Als Kind war „a2-a4 und dann der Turm hinaus“ gefühlt jahrelang meine Lieblingseröffnung.

Lothar aus Worms

Erst viel später war ich bereit einzusehen, dass Theorie hilft. Ich denke mein Volksschulfreund Rainer, der mir das Schachspiel beigebracht hat, wird nicht einmal gewusst haben, dass es Schachliteratur gibt. Rainer hatte ein gebrochenes Bein und ich besuchte ihn in dieser Zeit zu Hause. Eigentlich wollte ich es gar nicht lernen, aber die Wünsche vom Freund mit Gipsfuß erfüllst du natürlich.

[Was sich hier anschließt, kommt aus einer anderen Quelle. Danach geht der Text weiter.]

Lemma norm2_add_le n f g : norm2 n (fun i => f i + g i) <= norm2 n f + norm2 n g.
Proof.
  pose proof (norm2_nonneg n f). pose proof (norm2_nonneg n g).
  unfold norm2 at 1. rewrite <- (sqrt_pow2 (norm2 n f + norm2 n g)) by lra.
  apply sqrt_le_1_alt.
  rewrite (rsum_ext n _ (fun i => f i ^ 2 + 2 * (f i * g i) + g i ^ 2)) by (intros; ring).
  rewrite !rsum_add, rsum_scal.
  pose proof (rsum_mul_le_norm2 n f g).
  replace ((norm2 n f + norm2 n g) ^ 2)
    with (norm2 n f ^ 2 + 2 * (norm2 n f * norm2 n g) + norm2 n g ^ 2) by ring.
  unfold norm2 in *. rewrite !pow2_sqrt by apply rsum_sq_nonneg. lra.
Qed.

Lemma norm2_opp n f : norm2 n (fun i => - f i) = norm2 n f.
Proof. unfold norm2. f_equal. apply rsum_ext. intros. ring. Qed.

Lemma norm2_sub_le n f g : norm2 n (fun i => f i - g i) <= norm2 n f + norm2 n g.
Proof. rewrite <- (norm2_opp n g). apply norm2_add_le. Qed.

Lemma matvec_sub N A x z k :
  matvec N A (fun i => x i - z i) k = matvec N A x k - matvec N A z k.
Proof.
  unfold matvec.
  rewrite (rsum_ext N _ (fun i => A k i * x i + (-1) * (A k i * z i))) by (intros; ring).
  rewrite rsum_add, rsum_scal. ring.
Qed.
(* Let $\lambda,d\ge0$ and let $\mu\ge1$ be an integer. Let $u\in\Gamma^*$ be a $\mu$-locally $(\lambda,d)$-quasi-geodesic word in $G$. Then there is a word $v\in\Gamma^*$ of length less than $|\Gamma|^\mu$ such that for all $x,y\in\Gamma^*$ the word $xuy$ is $\mu$-locally $(\lambda,d)$-quasi-geodesic if and only if $xvy$ is $\mu$-locally $(\lambda,d)$-quasi-geodesic. Moreover, if $u\ne v$ then $|v|\ge\mu-1$.
   Context: $G$ is a torsion-free non-elementary $\delta$-hyperbolic group generated by a finite set $\Sigma\subseteq G\setminus\{1\}$; $\Gamma=\Sigma\cup\bar\Sigma$ where $\bar\Sigma=\Sigma^{-1}$ is regarded as a disjoint copy of $\Sigma$, and $\pi:\Gamma^*\to G$ is the canonical morphism. For $w\in\Gamma^*$, $|w|$ is its length and $|w|_G$ is the length of a shortest word $u$ with $\pi(u)=\pi(w)$. A word $w$ is $(\lambda,d)$-quasi-geodesic if every factor $u$ of $w$ satisfies $|u|\le\lambda|u|_G+d$; it is $\mu$-locally $(\lambda,d)$-quasi-geodesic if every factor of $w$ of length at most $\mu$ is $(\lambda,d)$-quasi-geodesic. *)

From mathcomp Require Import all_boot all_order all_algebra.
From mathcomp Require Export reals.
Set Implicit Arguments. Unset Strict Implicit. Unset Printing Implicit Defensive.
Import Order.TTheory GRing.Theory Num.Theory.
Local Open Scope ring_scope.

Section GroupDefs.
Variables (G : Type) (mul : G -> G -> G) (inv : G -> G) (one : G).

Definition is_group : Prop :=
  [/\ forall a b c, mul a (mul b c) = mul (mul a b) c,
      forall a, mul one a = a, forall a, mul a one = a,
      forall a, mul (inv a) a = one & forall a, mul a (inv a) = one].

Fixpoint gpow (g : G) (n : nat) : G :=
  if n is n'.+1 then mul g (gpow g n') else one.

Definition torsion_free : Prop :=
  forall g n, (0 < n)%N -> gpow g n = one -> g = one.

Definition virtually_cyclic : Prop :=
  exists h : G, exists reps : seq G, forall g, exists2 i, (i < size reps)%N &
    exists n : nat, g = mul (nth one reps i) (gpow h n) \/
                    g = mul (nth one reps i) (gpow (inv h) n).

(* Generators: Sigma is indexed by a finite type S via an injective map sigma;
   Gamma = Sigma ⊔ Sigma^{-1} is the sum type S + S. *)
Variables (S : finType) (sigma : S -> G).

Definition Gam := (S + S)%type.

Definition letter (a : Gam) : G :=
  match a with inl s => sigma s | inr s => inv (sigma s) end.

Definition piw (w : seq Gam) : G := foldr (fun a g => mul (letter a) g) one w.

Definition generates : Prop := forall g, exists w, piw w = g.

Definition geo_len (g : G) (n : nat) : Prop :=
  (exists w, size w = n /\ piw w = g) /\ (forall w, piw w = g -> (n <= size w)%N).

Definition gdist (g h : G) (n : nat) : Prop := geo_len (mul (inv g) h) n.

(* delta-hyperbolicity via the Gromov four-point condition
   (x|y)_w >= min((x|z)_w, (y|z)_w) - delta, with
   (x|y)_w = (d(w,x) + d(w,y) - d(x,y)) / 2. *)
Definition hyperbolic (R : realType) (delta : R) : Prop :=
  forall w x y z (dwx dwy dwz dxy dxz dyz : nat),
    gdist w x dwx -> gdist w y dwy -> gdist w z dwz ->
    gdist x y dxy -> gdist x z dxz -> gdist y z dyz ->
    let gp a b c : R := (a%:R + b%:R - c%:R) / 2 in
    Num.min (gp dwx dwz dxz) (gp dwy dwz dyz) - delta <= gp dwx dwy dxy.

Definition is_factor (u w : seq Gam) : Prop := exists x y, w = x ++ u ++ y.

Definition quasi_geodesic (R : realType) (lam d : R) (w : seq Gam) : Prop :=
  forall u, is_factor u w -> forall n, geo_len (piw u) n ->
    (size u)%:R <= lam * n%:R + d.

Definition loc_quasi_geodesic (R : realType) (mu : nat) (lam d : R)
    (w : seq Gam) : Prop :=
  forall u, is_factor u w -> (size u <= mu)%N -> quasi_geodesic lam d u.

End GroupDefs.

(* Being mu-locally (lam, d)-quasi-geodesic only constrains the factors of
   length at most mu = m + 1.  If u has two occurrences p1 w r1 = p2 w r2 of a
   factor w of length m, then for all x, y the short factors of x u y and of
   x (p1 w r2) y agree, up to factors of u itself: a factor of length at most
   m + 1 cannot straddle w.  There are only |Gamma|^m words of length m, so
   every u with |u| >= |Gamma|^(m+1) has such a repetition, and iterating the
   deletion yields v; each deletion keeps the prefix p1 w, whence |v| >= m
   unless nothing was deleted. *)
From mathcomp Require Import all_boot all_algebra.
From mathcomp Require Import reals zify.
Set Implicit Arguments. Unset Strict Implicit.

Section LocalProperties.
Variable T : eqType.
Implicit Types s w x y f : seq T.

Lemma infix_take_cat a f b n : (size (a ++ f) <= n)%N -> infix f (take n (a ++ f ++ b)).
Proof.
move=> le_n; rewrite catA take_cat ltnNge le_n /=.
exact/infix_catr/suffix_infix.
Qed.

Lemma infix_drop_cat a f b n : (n <= size a)%N -> infix f (drop n (a ++ f ++ b)).
Proof.
move=> le_n; rewrite drop_cat; case: ltnP => [_|ge_n]; first exact: infix_infix.
by rewrite (_ : n - size a = 0)%N ?drop0 ?prefix_infix //; lia.
Qed.

Lemma infix_cat_short f s1 s2 s3 :
  infix f (s1 ++ s2 ++ s3) -> (size f <= (size s2).+1)%N ->
  infix f (s1 ++ s2) || infix f (s2 ++ s3).
Proof.
move=> /infixP[a [b E]] short.
case: (leqP (size (a ++ f)) (size (s1 ++ s2))) => [left_end|right_end].
  by have := infix_take_cat b left_end; rewrite -E catA take_size_cat // => ->.
case: (leqP (size s1) (size a)) => [right_start|left_start].
  by have := infix_drop_cat f b right_start; rewrite -E drop_size_cat // => ->; rewrite orbT.
by move: right_end; rewrite !size_cat; lia.
Qed.

Definition locally (P : seq T -> Prop) (n : nat) w : Prop :=
  forall f, infix f w -> (size f <= n)%N -> P f.

Variable P : seq T -> Prop.

Lemma locally_cut m p1 p2 w r1 r2 u :
  size w = m -> (size p1 <= size p2)%N ->
  u = p1 ++ w ++ r1 -> u = p2 ++ w ++ r2 -> locally P m.+1 u ->
  forall x y, locally P m.+1 (x ++ u ++ y) <-> locally P m.+1 (x ++ (p1 ++ w ++ r2) ++ y).
Proof.
move=> <- le_p Eu1 Eu2 Pu x y.
have /prefixP[z Ez] : prefix (p1 ++ w) (p2 ++ w).
  rewrite prefixE.
  have -> : p2 ++ w = take (size (p2 ++ w)) u by rewrite Eu2 catA take_size_cat.
  rewrite take_takel; last by rewrite !size_cat leq_add2r.
  by rewrite Eu1 catA take_size_cat.
have Exuy : x ++ u ++ y = (x ++ p2) ++ w ++ (r2 ++ y) by rewrite Eu2 -!catA.
have Exvy : x ++ (p1 ++ w ++ r2) ++ y = (x ++ p1) ++ w ++ (r2 ++ y) by rewrite -!catA.
split=> Pxy f f_infix short.
- apply: (Pxy f _ short).
  move: f_infix; rewrite Exvy => /infix_cat_short/(_ short)/orP[] f_infix.
    by apply: infix_trans f_infix _; apply/prefixW/prefixP; exists (r1 ++ y); rewrite Eu1 -!catA.
  by apply: infix_trans f_infix _; rewrite Exuy; apply: suffix_infix.
- move: f_infix; rewrite Exuy => /infix_cat_short/(_ short)/orP[] f_infix; last first.
    by apply: (Pxy f _ short); apply: infix_trans f_infix _; rewrite Exvy; apply: suffix_infix.
  move: f_infix; rewrite -catA Ez -!catA catA => /infix_cat_short/(_ short)/orP[] f_infix.
    apply: (Pxy f _ short); apply: infix_trans f_infix _.
    by apply/prefixW/prefixP; exists (r2 ++ y); rewrite -!catA.
  apply: (Pu f _ short); apply: infix_trans f_infix _.
  by apply/infixP; exists p1, r2; rewrite Eu2 catA Ez -!catA.
Qed.

End LocalProperties.

Lemma repeated_infix (T : finType) m (u : seq T) :
  (#|T| ^ m + m <= size u)%N ->
  exists p1 p2 w r1 r2, [/\ size w = m, (size p1 < size p2)%N,
    u = p1 ++ w ++ r1 & u = p2 ++ w ++ r2].
Proof.
move=> long; set n := (size u - m).+1.
pose window i := take m (drop i u).
have size_window i : (i < n)%N -> size (window i) = m.
  by move=> lt_i; rewrite size_takel // size_drop; lia.
have windows_tuples : {subset map window (iota 0 n) <= map val (enum {: m.-tuple T})}.
  move=> w /mapP[i]; rewrite mem_iota => /andP[_ lt_i] ->.
  by apply/mapP; exists (Tuple (introT eqP (size_window i lt_i))); rewrite ?mem_enum.
have /(uniqPn [::])[i [j [lt_ij]]] : ~~ uniq (map window (iota 0 n)).
  apply/negP => /uniq_leq_size/(_ windows_tuples).
  by rewrite !size_map -enumT -cardE card_tuple size_iota; lia.
rewrite size_map size_iota => lt_j; have lt_i := ltn_trans lt_ij lt_j.
rewrite !(nth_map 0%N) ?size_iota ?nth_iota // => same_window.
exists (take i u), (take j u), (window i), (drop m (drop i u)), (drop m (drop j u)).
split; first exact: size_window.
- by rewrite !size_takel //; lia.
- by rewrite !cat_take_drop.
- by rewrite same_window !cat_take_drop.
Qed.

Lemma locally_short_representative (T : finType) (P : seq T -> Prop) m u :
  (1 < #|T|)%N -> locally P m.+1 u ->
  exists v, [/\ (size v < #|T| ^ m.+1)%N,
    forall x y, locally P m.+1 (x ++ u ++ y) <-> locally P m.+1 (x ++ v ++ y) &
    u <> v -> (m <= size v)%N].
Proof.
move=> card_T; have [n] := ubnP (size u); elim: n u => // n IH u lt_un Pu.
case: (ltnP (size u) (#|T| ^ m.+1)) => [short|long]; first by exists u.
have /repeated_infix[p1 [p2 [w [r1 [r2 [size_w lt_p Eu1 Eu2]]]]]] :
    (#|T| ^ m + m <= size u)%N.
  have := ltn_expl m card_T; have := leq_mul2r (#|T| ^ m) 2 #|T|.
  by move: long; rewrite card_T orbT expnS; lia.
have cut_equiv := locally_cut size_w (ltnW lt_p) Eu1 Eu2 Pu.
have Pu' : locally P m.+1 (p1 ++ w ++ r2).
  by have := (cut_equiv [::] [::]).1; rewrite /= !cats0; apply.
have size_u' : (size (p1 ++ w ++ r2) < n)%N.
  by move: lt_un; rewrite Eu2 !size_cat ltnS; apply: leq_trans; rewrite ltn_add2r.
have [v [short equiv long_v]] := IH _ size_u' Pu'.
exists v; split=> // [x y|_]; first by rewrite cut_equiv.
have [<-|] := eqVneq (p1 ++ w ++ r2) v; last by move/eqP; apply: long_v.
by rewrite !size_cat size_w; lia.
Qed.

Lemma loc_quasi_geodesicE (R : realType) (G : Type) (mul : G -> G -> G) (inv : G -> G)
    (one : G) (S : finType) (sigma : S -> G) (lam d : R) mu (w : seq (Gam S)) :
  loc_quasi_geodesic mul inv one sigma mu lam d w <->
  locally (quasi_geodesic mul inv one sigma lam d) mu w.
Proof. by split=> qg f /infixP; apply: qg. Qed.

Lemma generators_nonempty (G : Type) (mul : G -> G -> G) (inv : G -> G) (one : G)
    (S : finType) (sigma : S -> G) :
  is_group mul inv one -> generates mul inv one sigma ->
  ~ virtually_cyclic mul inv one -> (0 < #|S|)%N.
Proof.
move=> [_ mul1g _ _ _] gen not_vc; rewrite lt0n; apply/negP => /eqP /card0_eq S0.
apply: not_vc; exists one, [:: one] => g; exists 0%N => //; exists 0%N; left.
have [[|[s|s] w] <-] := gen g; first by rewrite /= mul1g.
all: by have := S0 s; rewrite !inE.
Qed.

Local Open Scope ring_scope.

Theorem mainTheorem6 (R : realType)
  (G : Type) (mul : G -> G -> G) (inv : G -> G) (one : G)
  (S : finType) (sigma : S -> G)
  (Hgrp : is_group mul inv one)
  (Htf : torsion_free mul one)
  (Hne : ~ virtually_cyclic mul inv one)
  (Hhyp : exists delta : R, 0 <= delta /\ hyperbolic mul inv one sigma delta)
  (Hinj : injective sigma)
  (Hnot1 : forall s, sigma s <> one)
  (Hgen : generates mul inv one sigma)
  (lam d : R) (mu : nat) (Hlam : 0 <= lam) (Hd : 0 <= d) (Hmu : (1 <= mu)%N)
  (u : seq (Gam S))
  (Hu : loc_quasi_geodesic mul inv one sigma mu lam d u) :
  exists v : seq (Gam S),
    (size v < #|{: Gam S}| ^ mu)%N /\
    (forall x y : seq (Gam S),
       loc_quasi_geodesic mul inv one sigma mu lam d (x ++ u ++ y) <->
       loc_quasi_geodesic mul inv one sigma mu lam d (x ++ v ++ y)) /\
    (u <> v -> (mu - 1 <= size v)%N).
Proof.
have card_Gam : (1 < #|{: Gam S}|)%N.
  by rewrite card_sum; have := generators_nonempty Hgrp Hgen Hne; lia.
case: mu Hmu Hu => // m _ /loc_quasi_geodesicE Hu.
have [v [short equiv long]] := locally_short_representative card_Gam Hu.
exists v; split=> //; split; last by rewrite subn1.
by move=> x y; rewrite !loc_quasi_geodesicE.
Qed.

Diesen Sommer habe ich das Buch „Schach, aber richtig! Die Überwindung des amateurhaften Denkens“ von Jeremy Silman studiert. Was für eine Offenbarung! Der Autor schreibt lebendig und lustig über falsche Denkmuster von Amateuren, in denen sie sich gerne frühzeitig verfangen. Er fand diese Muster heraus, als er seine Schüler ihre Partien laut analysieren ließ. Dieses Schuljahr werden meine Schüler von mir wohl ungewöhnlich viel zum Sprechen aufgefordert werden!

Silman zeigt an Hand seiner Theorie von den „Störungen des Gleichgewichts“, wie die richtige Denkweise sein soll, wie man im Mittelspiel einen guten Plan schmiedet und diesen dann unbeirrt und standhaft verfolgt.

Meine Berufung als Schachlehrer und Schachtrainer ist und bleibt: Kindern die Freude am Schach zu vertiefen – denn Schach spielen macht glücklich.